Petit frère

sbeno

Parce qu’on ne commence jamais un film comme ça, car il existe des conventions, ce film sera sûrement le plus bel OVNI jamais réalisé encore. Juste pour la voix, juste pour l’ambiance, juste pour le noir et blanc, il m’est impossible d’imaginer autre chose maintenant. Il m’est impossible de déconstruire le générique début de Mon petit Frère.

J’ai pourtant songé à faire apparaitre le titre et les protagonistes au tout début, sur l’image noire, sans le son, sans rien. Avant même l’existence du film, comme on fait souvent. Mais rien n’y fait, je ne peux m’empêcher de l’écouter réinventer à sa manière Norah Jones. Pire encore, je ne peux m’empêcher de le regarder s’enivrer de ses notes, comme de bonbonnes d’oxygène qu’il pompe en lui à chaque claquement de corde sur le bois…
Chaque croche, c’est une occasion de plus de vibrer, chaque noire de se dire que la note précédente sonnait sans doute mieux, chaque blanche de se prélasser, de se dire qu’ici, on y est bien comme nul par ailleurs. Et pendant la ronde, on prend le temps de se rappeler… On marque en noir et blanc, comme si hier ne sera plus jamais.
Et enfin on bat la mesure, quand les notes nous en laissent le temps, on rythme la vie car il faut bien respirer.
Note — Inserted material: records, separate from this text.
Lemma banach_limit_le (x y : nat -> R) :
  bounded_seq x -> bounded_seq y -> (forall n, x n <= y n) -> L x <= L y.
Proof.
move=> bx by_ hxy; case: hL => _ [pos _].
have := pos (fun n => 1 * y n + (-1) * x n) (bounded_seq_lin _ _ by_ bx).
rewrite banach_limit_lin // => h.
have: 0 <= 1 * L y + -1 * L x by apply: h => n; have := hxy n; lra.
lra.
Qed.

Lemma banach_limit_shift (x : nat -> R) k :
  bounded_seq x -> L (fun n => x (n + k)%N) = L x.
Proof.
move=> bx; case: hL => _ [_ [shift _]].
elim: k => [|k IH]; first by apply: banach_limit_eq => n; rewrite addn0.
rewrite -IH -(shift _ (bounded_seq_shift k bx)).
by apply: banach_limit_eq => n; rewrite addSnnS.
Qed.

Lemma banach_limit_sum_shift (x : nat -> R) N :
  bounded_seq x -> L (fun n => \sum_(j < N) x (n + j)%N) = N%:R * L x.
Proof.
move=> bx; elim: N => [|N IH].
  rewrite (@banach_limit_eq _ (fun n => 0 * x n)) ?banach_limitZ //.
  by move=> n; rewrite big_ord0 mul0r.
rewrite (@banach_limit_eq _ (fun n => \sum_(j < N) x (n + j)%N + x (n + N)%N));
  last by move=> n; rewrite big_ord_recr.
rewrite banach_limitD ?IH ?banach_limit_shift ?mulrSr ?mulrDl ?mul1r //.
- by apply: bounded_seq_sum => j; apply: bounded_seq_shift.
- exact: bounded_seq_shift.
Qed.

Lemma banach_limit_sparse_indicator (S : pred nat) :
  sparse S -> L (fun n => (S n)%:R) = 0.
Proof.
move=> hS; set ind := fun n => _; have bind := bounded_seq_indicator S.
have ge0 : 0 <= L ind by case: hL => _ [pos _]; apply: pos => // n; apply: ler0n.
have window N : N%:R * L ind <= 1.
  have [M hM] := hS N; case: hL => _ [_ [_ one]].
  rewrite -(banach_limit_shift M bind) -banach_limit_sum_shift;
    last exact: bounded_seq_shift M bind.
  rewrite -[X in _ <= X]one.
  apply: banach_limit_le => [||n]; last exact: sparse_window_sum n hM.
  - apply: (bounded_seq_sum (F := fun (j : 'I_N) n => ind (n + j + M)%N)) => j.
    exact: bounded_seq_shift j (bounded_seq_shift M bind).
  - by apply/bounded_seqP; exists 1 => n; rewrite normr1.
by apply/eqP; rewrite eq_le ge0 andbT; apply: natmul_le1_le0.
Qed.

Lemma banach_limit_sparse_support (S : pred nat) (x : nat -> R) :
  sparse S -> bounded_seq x -> (forall n, ~~ S n -> x n = 0) -> L x = 0.
Proof.
move=> hS bx; have [M hM] := iffLR (bounded_seqP _) bx => x0.
have bind := bounded_seq_indicator S.
have hb n : - M * (S n)%:R <= x n <= M * (S n)%:R.
  case Sn: (S n); last by rewrite x0 ?Sn // !mulr0 lexx.
  by rewrite !mulr1 -ler_norml.
have le1 : L (fun n => - M * (S n)%:R) <= L x.
  by apply: banach_limit_le => // [|n]; [apply: bounded_seqZ | case/andP: (hb n)].
have le2 : L x <= L (fun n => M * (S n)%:R).
  by apply: banach_limit_le => // [|n]; [apply: bounded_seqZ | case/andP: (hb n)].
rewrite !banach_limitZ // banach_limit_sparse_indicator // !mulr0 in le1 le2.
by apply/eqP; rewrite eq_le le1 le2.
Qed.

End BanachLimit.

Definition pow2 (n : nat) : bool := (n == 2 ^ trunc_log 2 n)%N.

Lemma pow2P n : reflect (exists k, n = 2 ^ k)%N (pow2 n).
Proof.
by apply: (iffP eqP) => [->|[k ->]]; [exists (trunc_log 2 n) | rewrite trunc_expnK].
Qed.

Lemma pow2_exp k : pow2 (2 ^ k)%N.
Proof. by apply/pow2P; exists k. Qed.

Lemma not_pow2_frequently N : exists k, (N <= k)%N /\ ~~ pow2 k.
Proof.
have N_lt := ltn_expl N.+1 (isT : 1 < 2)%N.
have lt : (2 ^ N.+1 <= (2 ^ N.+1).+1 < 2 ^ N.+2)%N by rewrite [(2 ^ N.+2)%N]expnS; lia.
exists (2 ^ N.+1).+1; split; first lia.
by rewrite /pow2 (trunc_log_eq _ lt) // neq_ltn ltnSn orbT.
Qed.

Lemma sparse_pow2 : sparse pow2.
Proof.
move=> N; exists (2 ^ N)%N => a b /andP[hN hab] /pow2P[p ea] /pow2P[q eb].
move: hN hab; rewrite ea eb ltn_exp2l // => hN hpq.
have : (2 * 2 ^ p <= 2 ^ q)%N by rewrite -expnS leq_exp2l.
have := ltn_expl N (isT : 1 < 2)%N; lia.
Qed.

Lemma sum_digits_inj (D n : nat) (a b : 'I_n -> nat) :
  (forall i, a i < D)%N -> (forall i, b i < D)%N ->
  (\sum_i a i * D ^ i = \sum_i b i * D ^ i)%N -> a =1 b.
Proof.
elim: n a b => [|n IH] a b ha hb; first by move=> _ [].
rewrite !big_ord_recl /= !expn0 !muln1.
have shift (c : 'I_n.+1 -> nat) : (\sum_(i < n) c (lift ord0 i) * D ^ bump 0 i =
    D * \sum_(i < n) c (lift ord0 i) * D ^ i)%N.
  by rewrite big_distrr /=; apply: eq_bigr => i _; rewrite /bump add1n expnS mulnCA.
rewrite !shift => hs.
have e0 : a ord0 = b ord0.
  move/(congr1 (modn^~ D)): hs.
  by rewrite ![(_ + D * _)%N]addnC ![(D * _)%N]mulnC !modnMDl !modn_small.
have /IH eS : (\sum_(i < n) a (lift ord0 i) * D ^ i = \sum_(i < n) b (lift ord0 i) * D ^ i)%N.
  have D_gt0 : (0 < D)%N by apply: leq_ltn_trans (ha ord0).
  by move/eqP: hs; rewrite e0 eqn_add2l eqn_mul2l eqn0Ngt D_gt0 => /eqP.
by move=> i; case: (unliftP ord0 i) => [j ->|->] //; apply: eS.
Qed.

Lemma poly_nonroot_inv_nat (F : numFieldType) (q : {poly F}) :
  q != 0 -> exists j : nat, ~~ root q (j.+1%:R)^-1.
Proof.
move=> q_neq0; pose rs := [seq (j.+1%:R : F)^-1 | j <- iota 0 (size q)].
have rs_uniq : uniq rs.
  rewrite map_inj_uniq ?iota_uniq // => j k /invr_inj /eqP.
  by rewrite eqr_nat eqSS => /eqP.
have [rs_roots|/allPn[_ /mapP[j _ ->]]] := boolP (all (root q) rs); last by exists j.
by have := max_poly_roots q_neq0 rs_roots rs_uniq; rewrite size_map size_iota ltnn.
Qed.

Section Kronecker.

Variables (F : numFieldType) (n : nat).

Definition kronecker (D : nat) (P : {mpoly F[n]}) : {poly F} :=
  \sum_(m <- msupp P) P@_m *: 'X^(\sum_i m i * D ^ i).

Lemma horner_kronecker D P t : (kronecker D P).[t] = P.@[fun i => t ^+ (D ^ i)].
Proof.
rewrite mevalE horner_sum; apply: eq_bigr => m _.
rewrite hornerZ hornerXn -prodrXr; congr (_ * _).
by apply: eq_bigr => i _; rewrite -exprM mulnC.
Qed.

Lemma kronecker_neq0 (P : {mpoly F[n]}) : P != 0 -> kronecker (msize P) P != 0.
Proof.
move=> P_neq0; set D := msize P; set e := fun m : 'X_{1..n} => (\sum_i m i * D ^ i)%N.
have digits_lt m : m \in msupp P -> forall i, (m i < D)%N.
  move=> m_supp i; apply: leq_ltn_trans (msize_mdeg_lt m_supp).
  by rewrite mdegE (bigD1 i) //= leq_addr.
have [m0 m0_supp] : exists m0, m0 \in msupp P.
  case E: (msupp P) => [|m0 s]; last by exists m0; rewrite in_cons eqxx.
  by move/eqP: E; rewrite msupp_eq0 (negbTE P_neq0).
apply/eqP => /(congr1 (fun q : {poly F} => q`_(e m0))).
rewrite coef0 coef_sum (bigD1_seq m0) ?msupp_uniq //= coefZ coefXn eqxx mulr1.
rewrite big1_seq ?addr0 => [|m /andP[m_neq m_supp]].
  by apply/eqP; rewrite -mcoeff_msupp.
rewrite coefZ coefXn; case: (eqVneq (e m0) (e m)) => [em|]; last by rewrite mulr0.
move/negP: m_neq; case; apply/eqP/mnmP.
exact: (sum_digits_inj (digits_lt _ m_supp) (digits_lt _ m0_supp) (esym em)).
Qed.

Lemma mpoly_nonvanishing_inv_nat (P : {mpoly F[n]}) :
  P != 0 -> exists j D : nat, P.@[fun i => (j.+1%:R)^-1 ^+ (D ^ i)] != 0.
Proof.
move=> /kronecker_neq0/poly_nonroot_inv_nat[j nonroot].
by exists j, (msize P); rewrite -horner_kronecker.
Qed.

End Kronecker.

Lemma meval_origin (F : comNzRingType) n (P : {mpoly F[n]}) :
  P@_0%MM = 0 -> P.@[fun _ => 0] = 0.
Proof.
move=> P0; rewrite mevalE big1_seq // => m _.
have [->|m_neq0] := eqVneq m 0%MM; first by rewrite P0 mul0r.
case: (pickP (fun i => m i != 0%N)) => [i /= mi|m_eq0].
  by rewrite (bigD1 i) //= expr0n (negbTE mi) mul0r mulr0.
by case/eqP: m_neq0; apply/mnmP => i; rewrite mnm0E; apply/eqP/negbFE/m_eq0.
Qed.

Lemma meval_norm_le (F : numDomainType) n (P : {mpoly F[n]}) (v : 'I_n -> F) :
  (forall i, `|v i| <= 1) -> `|P.@[v]| <= \sum_(m <- msupp P) `|P@_m|.
Proof.
move=> v_le1; rewrite mevalE; apply: le_trans (ler_norm_sum _ _ _) _.
apply: ler_sum => m _; rewrite normrM -[leRHS]mulr1 ler_wpM2l // normr_prod.
by apply: prodr_ile1 => i _; rewrite normr_ge0 normrX exprn_ile1.
Qed.

Section DyadicFloor.

Variable F : archiRealFieldType.

Definition dyadic_floor (m : nat) (r : F) : int := Num.floor (r * 2 ^+ m).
Et comme il n’y a rien de mieux, l’image apparaît d’un coup. Ca en devient presque violent après le noir du vide. On s’attend toujours à quelque chose de souple après le rien. Un « cross fade », voici le langage technique pour décrire la souplesse. Le « cross fade » c’est l’objet banni des professeurs de la fac de cinéma de Marne la Vallée. On leur en veut aux prof, quand arrive le très redouté moment du montage. Quand on se rend compte que les images qu’on a intégrées dans la machine sont plus que laborieuses, qu’elles ne racontent rien. Car, pour se rassurer, on essaye de faire la plus belle image jamais faite au monde. On est jeune, on n’y comprend pas grand chose au cinéma à 20 ans. Mais il est vrai que sur les quelques 8 heures de rush qu’on traine comme un boulet pendant des semaines, on déniche l’IMAGE qui va bien. Le petit garçon qui file et traverse le cadre à la vitesse de la lumière, le rayon de soleil qui vient taper dans l’objectif de la caméra, une très légère brise qui balaye les branches des arbres en bord cadre. Le rire éclatant du petit garçon, ni trop fort, ni trop faible, juste ce qu’il faut. Cross Fade, générique de fin.
Mais voilà, « Cross Fade » bannit par le professeur. Il faut savoir contourner l’obstacle tout en gardant le sentiment qu’on s’était fait de la fin de notre film. Arrêt sur image, générique de fin.
Palme d’or.
J’avais 22 ans lorsque j’ai montré mon premier film sans histoire, la voix off, l’arrêt sur image, le générique de fin. La classe avait voté à bulletin secret pour le meilleur film. A ma grande surprise, le mien était arrivé en 1ère place. Ca m’a bien aidé pour passer en deuxième année de DEUG. Et il a aussi filé un gros coup de main à mes camarades de classe, les sécheurs, mon équipe.

Aujourd’hui, je les chéris, les professeurs de la fac et pourtant je les haïssais, juste pour le « Cross Fade ». Celui que je n’ai pas ajouté au tout début de « Little brother ». Car il n’y a rien que je puisse ajouter de plus au musicien pour le rendre plus impressionnant. Il vit de lui-même sans que personne n’y puisse rien y changer, il transcende mon petit écran, explose le noir et pulvérise la fenêtre de mon Youtube. C’est comme cela qu’il l’a décidé. Je ne fais qu’assembler les images, moi. Tout le boulot, lui revient à lui.
Je n’ai fais que prendre mon appareil, le passer en mode vidéo et filmer la vie. Sans chercher le rayon de soleil en plus, le pixel en moins, le bord du cadre. Sans penser à monter l’image, sans penser à la figer. Mon désir n’a vécu qu’en l’instant présent de mon tournage. Il n’a même vécu que pour lui.
C’est, j’en suis sûre aujourd’hui, ce que mes professeurs de la fac se sont bornés à m’enseigner. Qu’il ne faut tourner la vie que pour ce qu’elle nous raconte.

Et lorsque je tourne la vie, moi, je tourne mes émotions.

Norah Jones, paysage défilant, Sarah Benoliel, Benjamin Benoliel. Générique début. Titre.